━━ DATA TO PROCESS

Lemma farkas (I J : finType) (A : I -> J -> R) (b : I -> R) :
  (exists w, forall k, b k <= \sum_j A k j * w j) \/
  exists lam : I -> R, [/\ forall k, 0 <= lam k,
    forall j, \sum_k lam k * A k j = 0 & 0 < \sum_k lam k * b k].
Proof.
have [[w le_w]|[lam [lam_ge0 lamA lamb]]] :=
  farkas_ord (fun k (c : 'I_#|J|) => A k (enum_val c)) b; [left | right].
  exists (fun j => w (enum_rank j)) => k.
  rewrite (reindex (@enum_val J predT)) /=; last first.
    by exists enum_rank => c _; rewrite ?enum_valK ?enum_rankK.
  by under eq_bigr do rewrite enum_valK; exact: le_w.
by exists lam; split=> // j; rewrite -(enum_rankK j).
Qed.

End Farkas.

Section PTEfficiency.
Variables (R : realFieldType) (m s n : nat).
Variables (X : 'I_m -> 'I_n -> R) (Y : 'I_s -> 'I_n -> R) (o : 'I_n).

Lemma PT_efficiency_is1_of_zero_gap : (0 < m)%N ->
  (exists v u, TVG_feasible X Y o 1 v u /\ TVG_obj X Y o v u <= 0) ->
  PT_efficiency_is X Y o 1.
Proof.
move=> m_gt0 [v0 [u0 [feas0 obj0_le0]]].
have obj_ge0 v u : TVG_feasible X Y o 1 v u -> 0 <= TVG_obj X Y o v u by case=> /(_ o).
split=> [|v u [feas opt] /=].
  by exists v0, u0; split=> // v u /obj_ge0; exact: le_trans.
have virtual_out : \sum_r u r * Y r o = \sum_i v i * X i o.
  apply/eqP; rewrite eq_sym -subr_eq0 -/(TVG_obj X Y o v u) eq_le obj_ge0 // andbT.
  exact: le_trans (opt _ _ feas0) obj0_le0.
have virtual_in_gt0 : 0 < \sum_i v i * X i o.
  have [_ le_vX _] := feas.
  apply: (@lt_le_trans _ _ (\sum_(i < m) 1)); first by rewrite sumr_const card_ord ltr0n.
  by apply: ler_sum => i _; rewrite mulrC.
under eq_bigr do rewrite -mulrA; under [in X in _ / X]eq_bigr do rewrite -mulrA.
rewrite -!mulr_sumr virtual_out.
by rewrite divff // mulf_neq0 ?div1r ?invr_eq0 ?gt_eqF.
Qed.

End PTEfficiency.

Section Benchmarks.
Variables (R : realFieldType) (m s n : nat).
Variables (X : 'I_m -> 'I_n -> R) (Y : 'I_s -> 'I_n -> R) (o : 'I_n) (pi : 'I_n -> R).
Hypothesis pi_ge0 : forall j, 0 <= pi j.

Definition xhat i := \sum_j X i j * pi j.
Definition yhat r := \sum_j Y r j * pi j.

Definition virtual_gap (v : 'I_m -> R) (u : 'I_s -> R) j :=
  \sum_i v i * X i j - \sum_r u r * Y r j.

Lemma benchmark_gap v u :
  \sum_i v i * xhat i - \sum_r u r * yhat r = \sum_j pi j * virtual_gap v u j.
Proof.
rewrite /xhat /yhat /virtual_gap; under [RHS]eq_bigr do rewrite mulrBr !mulr_sumr.
rewrite sumrB; congr (_ - _); rewrite exchange_big /=;
  by apply: eq_bigr => k _; rewrite mulr_sumr; apply: eq_bigr => j _; ring.
Qed.

Lemma TVG_feasible_adjusted v u : (forall j, 0 <= virtual_gap v u j) ->
  (forall i, 1 <= xhat i * v i) -> (forall r, 1 <= yhat r * u r) ->
  TVG_feasible (adjX X o pi) (adjY Y o pi) o 1 v u.
Proof.
move=> gap_ge0 le_v le_u; split=> [j|i|r]; rewrite /adjX /adjY ?eqxx.
- case: eqP => _; last exact: gap_ge0.
  by rewrite benchmark_gap sumr_ge0 // => j' _; rewrite mulr_ge0.
- exact: le_v.
- exact: le_u.
Qed.

Lemma TVG_obj_adjusted v u :
  TVG_obj (adjX X o pi) (adjY Y o pi) o v u = \sum_j pi j * virtual_gap v u j.
Proof. by rewrite /TVG_obj /adjX /adjY eqxx benchmark_gap. Qed.

Definition TAP_direction (lam : 'I_n -> R) (mu : R) (gam : 'I_m + 'I_s -> R) :=
  [/\ (forall j, 0 <= lam j) /\ 0 <= mu, forall c, 0 <= gam c,
    forall i, \sum_j X i j * lam j = (mu - gam (inl i)) * xhat i &
    forall r, \sum_j Y r j * lam j = (mu + gam (inr r)) * yhat r].

Definition gap_coef j (c : 'I_m + 'I_s) : R :=
  match c with inl i => X i j | inr r => - Y r j end.

Definition benchmark (c : 'I_m + 'I_s) : R :=
  match c with inl i => xhat i | inr r => yhat r end.

(* "(v, u) is TVG-feasible at the benchmarks with gap <= 0", as a system
   [rhs k <= \sum_c row k c * w c] in w = (v, u): one row [virtual_gap v u j >= 0]
   per DMU of the original data, one row [- sum_j pi_j virtual_gap v u j >= 0],
   and the rows [xhat_i v_i >= 1], [yhat_r u_r >= 1]. *)
Definition zero_gap_row (k : ('I_n + 'I_1) + ('I_m + 'I_s)) (c : 'I_m + 'I_s) : R :=
  match k with
  | inl (inl j) => gap_coef j c
  | inl (inr _) => - \sum_j gap_coef j c * pi j
  | inr c' => if c == c' then benchmark c else 0
  end.

Definition zero_gap_rhs (k : ('I_n + 'I_1) + ('I_m + 'I_s)) : R :=
  if k is inr _ then 1 else 0.

Lemma sum_gap_coef j (w : 'I_m + 'I_s -> R) :
  \sum_c gap_coef j c * w c = virtual_gap (w \o inl) (w \o inr) j.
Proof.
rewrite big_sumType /virtual_gap /=; congr (_ + _); last rewrite -sumrN.
  by apply: eq_bigr => i _; rewrite mulrC.
by apply: eq_bigr => r _; rewrite mulNr mulrC.
Qed.

Lemma zero_gap_of_solution (w : 'I_m + 'I_s -> R) :
  (forall k, zero_gap_rhs k <= \sum_c zero_gap_row k c * w c) ->
  TVG_feasible (adjX X o pi) (adjY Y o pi) o 1 (w \o inl) (w \o inr) /\
  TVG_obj (adjX X o pi) (adjY Y o pi) o (w \o inl) (w \o inr) <= 0.
Proof.
move=> le_w.
have bound_row c' : \sum_c zero_gap_row (inr c') c * w c = benchmark c' * w c'.
  rewrite (bigD1 c') //= eqxx big1 ?addr0 // => c /negbTE /= ->.
  by rewrite mul0r.
split.
  apply: TVG_feasible_adjusted => // [j|i|r].
  - by rewrite -sum_gap_coef; exact: (le_w (inl (inl j))).
  - by have := le_w (inr (inl i)); rewrite bound_row.
  - by have := le_w (inr (inr r)); rewrite bound_row.
have objE : \sum_j pi j * virtual_gap (w \o inl) (w \o inr) j =
             \sum_c (\sum_j gap_coef j c * pi j) * w c.
  under eq_bigr do rewrite -sum_gap_coef mulr_sumr.
  rewrite exchange_big; apply: eq_bigr => c _ /=.
  by rewrite mulr_suml; apply: eq_bigr => j _; rewrite mulrCA mulrA.
rewrite TVG_obj_adjusted objE -oppr_ge0 -sumrN.
by under eq_bigr do rewrite -mulNr; exact: (le_w (inl (inr ord0))).
Qed.

Lemma TAP_direction_of_certificate (lam : ('I_n + 'I_1) + ('I_m + 'I_s) -> R) :
  (forall k, 0 <= lam k) -> (forall c, \sum_k lam k * zero_gap_row k c = 0) ->
  TAP_direction (fun j => lam (inl (inl j))) (lam (inl (inr ord0))) (lam \o inr).
Proof.
move=> lam_ge0 lam_row.
have colE c : \sum_k lam k * zero_gap_row k c =
    \sum_j gap_coef j c * lam (inl (inl j))
    - lam (inl (inr ord0)) * \sum_j gap_coef j c * pi j + lam (inr c) * benchmark c.
  rewrite [LHS]big_sumType [in LHS]big_sumType big_ord1 /=; congr (_ + _ + _).
  - by apply: eq_bigr => j _; rewrite mulrC.
  - by rewrite mulrN.
  rewrite (bigD1 c) //= eqxx big1 ?addr0 // => c' /negbTE.
  by rewrite eq_sym => ->; rewrite mulr0.
split.
- by split=> [j|]; exact: lam_ge0.
- by move=> c; exact: lam_ge0.
- move=> i; have := lam_row (inl i); rewrite colE /= -/(xhat i) => col_i; lra.
- move=> r; have := lam_row (inr r); rewrite colE /=.
  under eq_bigr do rewrite mulNr; under [X in _ * X]eq_bigr do rewrite mulNr.
  rewrite !sumrN -/(yhat r) => col_r; lra.
Qed.

Lemma zero_gap_adjusted :
  (forall lam mu gam, TAP_direction lam mu gam -> \sum_c gam c <= 0) ->
  exists v u, TVG_feasible (adjX X o pi) (adjY Y o pi) o 1 v u /\
              TVG_obj (adjX X o pi) (adjY Y o pi) o v u <= 0.
Proof.
move=> no_direction.
have [[w le_w]|[lam [lam_ge0 lam_row lam_rhs]]] := farkas zero_gap_row zero_gap_rhs.
  by exists (w \o inl), (w \o inr); exact: zero_gap_of_solution.
have gainE : \sum_k lam k * zero_gap_rhs k = \sum_c lam (inr c).
  rewrite big_sumType /= big1 ?add0r => [|k _]; last by rewrite mulr0.
  by apply: eq_bigr => c _; rewrite mulr1.
have := no_direction _ _ _ (TAP_direction_of_certificate lam_ge0 lam_row).
by rewrite leNgt -gainE lam_rhs.
Qed.

End Benchmarks.

Section TAPOptimal.
Variables (R : realFieldType) (m s n : nat).
Variables (X : 'I_m -> 'I_n -> R) (Y : 'I_s -> 'I_n -> R) (o : 'I_n).
Variables (tau : R) (pi : 'I_n -> R) (Q : 'I_m -> R) (P : 'I_s -> R).
Hypotheses (X_gt0 : forall i j, 0 < X i j) (Y_gt0 : forall r j, 0 < Y r j).
Hypotheses (s_gt0 : (0 < s)%N) (tau_gt0 : 0 < tau).
Hypothesis TAP_opt : TAP_optimal X Y o tau pi Q P.

Lemma TAP_pi_ge0 j : 0 <= pi j.
Proof. by have [[_ _ ->]] := TAP_opt. Qed.

Lemma TAP_P_ge0 r : 0 <= P r.
Proof. by have [[_ _ _ _ ->]] := TAP_opt. Qed.

Lemma xhat_TAP i : xhat X pi i = X i o * (1 - Q i).
Proof. by have [[/(_ i) feas_i _ _ _ _] _] := TAP_opt; rewrite /xhat; lra. Qed.

Lemma yhat_TAP r : yhat Y pi r = Y r o * (1 + P r).
Proof. by have [[_ /(_ r) feas_r _ _ _] _] := TAP_opt; rewrite /yhat; lra. Qed.

Lemma TAP_exists_pi_gt0 : exists j, 0 < pi j.
Proof.
have r0 := Ordinal s_gt0.
have : 0 < yhat Y pi r0 by rewrite yhat_TAP mulr_gt0 // ltr_pwDl ?TAP_P_ge0.
have [j pij_gt0|pi_le0] := pickP (fun j => 0 < pi j); first by exists j.
rewrite /yhat big1 ?ltxx // => j _.
by rewrite (@le_anti _ _ (pi j) 0) ?mulr0 // TAP_pi_ge0 leNgt pi_le0.
Qed.

Lemma TAP_Q_lt1 i : Q i < 1.
Proof.
have [j pij_gt0] := TAP_exists_pi_gt0.
have xhat_gt0 : 0 < xhat X pi i.
  rewrite /xhat (bigD1 j) //=; apply: ltr_pwDl; first exact: mulr_gt0.
  by apply: sumr_ge0 => k _; apply: mulr_ge0; [exact: ltW | exact: TAP_pi_ge0].
by move: xhat_gt0; rewrite xhat_TAP pmulr_rgt0 // subr_gt0.
Qed.

Section Direction.
Variables (lam : 'I_n -> R) (mu : R) (gam : 'I_m + 'I_s -> R).
Hypothesis dir : TAP_direction X Y pi lam mu gam.

Let eps := (1 + mu)^-1.
Let pi' j := eps * (pi j + lam j).
Let Q' i := Q i + eps * gam (inl i) * (1 - Q i).
Let P' r := P r + eps * gam (inr r) * (1 + P r).
Let weight c := match c with inl i => 1 - Q i | inr r => 1 + P r end.

Let eps_gt0 : 0 < eps.
Proof. by have [[_ mu_ge0] _ _ _] := dir; rewrite invr_gt0 ltr_pwDl. Qed.

Let weight_gt0 c : 0 < weight c.
Proof. by case: c => [i|r] /=; rewrite ?subr_gt0 ?TAP_Q_lt1 ?ltr_pwDl ?TAP_P_ge0. Qed.

Lemma TAP_feasible_step : TAP_feasible X Y o pi' Q' P'.
Proof.
have [[lam_ge0 mu_ge0] gam_ge0 dirX dirY] := dir.
have [[_ _ _ Q_ge0 _] _] := TAP_opt.
have mu1_neq0 : 1 + mu != 0 by rewrite gt_eqF // ltr_pwDl.
have sum_step (f : 'I_n -> R) :
    \sum_j f j * pi' j = eps * (\sum_j f j * pi j + \sum_j f j * lam j).
  by rewrite mulrDr !mulr_sumr -big_split; apply: eq_bigr => j _; rewrite mulrCA !mulrDr.
split=> [i|r|j|i|r].
- by rewrite sum_step dirX -/(xhat X pi i) xhat_TAP /Q' /eps; field.
- by rewrite sum_step dirY -/(yhat Y pi r) yhat_TAP /P' /eps; field.
- exact: mulr_ge0 (ltW eps_gt0) (addr_ge0 (TAP_pi_ge0 j) (lam_ge0 j)).
- apply: addr_ge0 (Q_ge0 i) (mulr_ge0 (mulr_ge0 (ltW eps_gt0) (gam_ge0 _)) _).
  by rewrite subr_ge0 ltW ?TAP_Q_lt1.
- apply: addr_ge0 (TAP_P_ge0 r) (mulr_ge0 (mulr_ge0 (ltW eps_gt0) (gam_ge0 _)) _).
  by rewrite ltW // ltr_pwDl ?TAP_P_ge0.
Qed.

Lemma TAP_obj_step :
  TAP_obj tau Q' P' = TAP_obj tau Q P + tau * eps * \sum_c gam c * weight c.
Proof.
rewrite /TAP_obj big_sumType /= mulrDr !mulr_sumr addrACA -!big_split /=.
by congr (_ + _); apply: eq_bigr => k _; rewrite /Q' /P'; ring.
Qed.

Lemma TAP_direction_gain_le0 : \sum_c gam c <= 0.
Proof.
have [_ gam_ge0 _ _] := dir.
have := TAP_opt.2 _ _ _ TAP_feasible_step.
rewrite TAP_obj_step gerDl pmulr_rle0 ?mulr_gt0 // !leNgt.
by apply: contra; exact: sum_mul_gt0.
Qed.

End Direction.

End TAPOptimal.

Theorem theorem2 (R : realFieldType) (m s n : nat)
  (X : 'I_m -> 'I_n -> R) (Y : 'I_s -> 'I_n -> R) (o : 'I_n) (tau : R)
  (pi : 'I_n -> R) (Q : 'I_m -> R) (P : 'I_s -> R) :
  (0 < m)%N -> (0 < s)%N -> (2 * (m + s) <= n)%N ->
  (forall i j, 0 < X i j) -> (forall r j, 0 < Y r j) ->
  0 < tau ->
  TAP_optimal X Y o tau pi Q P ->
  PT_efficiency_is (adjX X o pi) (adjY Y o pi) o 1.
Proof.
move=> m_gt0 s_gt0 _ X_gt0 Y_gt0 tau_gt0 TAP_opt.
apply: PT_efficiency_is1_of_zero_gap m_gt0 _.
apply: zero_gap_adjusted (TAP_pi_ge0 TAP_opt) _ => lam mu gam dir.
exact: (TAP_direction_gain_le0 X_gt0 Y_gt0 s_gt0 tau_gt0 TAP_opt dir).
Qed.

━━━━

▶ _WORK INSTRUCTION_: Copy out the lines above exactly, beginning at the one that contains "rewrite (bigD1 c)" and ending at the one that contains "Lemma TAP_pi_ge0 j : 0 <= pi j.".

▶ _REPLY_:
  rewrite (bigD1 c) //= eqxx big1 ?addr0 // => c' /negbTE.
  by rewrite eq_sym => ->; rewrite mulr0.
split.
- by split=> [j|]; exact: lam_ge0.
- by move=> c; exact: lam_ge0.
- move=> i; have := lam_row (inl i); rewrite colE /= -/(xhat i) => col_i; lra.
- move=> r; have := lam_row (inr r); rewrite colE /=.
  under eq_bigr do rewrite mulNr; under [X in _ * X]eq_bigr do rewrite mulNr.
  rewrite !sumrN -/(yhat r) => col_r; lra.
Qed.

Lemma zero_gap_adjusted :
  (forall lam mu gam, TAP_direction lam mu gam -> \sum_c gam c <= 0) ->
  exists v u, TVG_feasible (adjX X o pi) (adjY Y o pi) o 1 v u /\
              TVG_obj (adjX X o pi) (adjY Y o pi) o v u <= 0.
Proof.
move=> no_direction.
have [[w le_w]|[lam [lam_ge0 lam_row lam_rhs]]] := farkas zero_gap_row zero_gap_rhs.
  by exists (w \o inl), (w \o inr); exact: zero_gap_of_solution.
have gainE : \sum_k lam k * zero_gap_rhs k = \sum_c lam (inr c).
  rewrite big_sumType /= big1 ?add0r => [|k _]; last by rewrite mulr0.
  by apply: eq_bigr => c _; rewrite mulr1.
have := no_direction _ _ _ (TAP_direction_of_certificate lam_ge0 lam_row).
by rewrite leNgt -gainE lam_rhs.
Qed.

End Benchmarks.

Section TAPOptimal.
Variables (R : realFieldType) (m s n : nat).
Variables (X : 'I_m -> 'I_n -> R) (Y : 'I_s -> 'I_n -> R) (o : 'I_n).
Variables (tau : R) (pi : 'I_n -> R) (Q : 'I_m -> R) (P : 'I_s -> R).
Hypotheses (X_gt0 : forall i j, 0 < X i j) (Y_gt0 : forall r j, 0 < Y r j).
Hypotheses (s_gt0 : (0 < s)%N) (tau_gt0 : 0 < tau).
Hypothesis TAP_opt : TAP_optimal X Y o tau pi Q P.

Lemma TAP_pi_ge0 j : 0 <= pi j.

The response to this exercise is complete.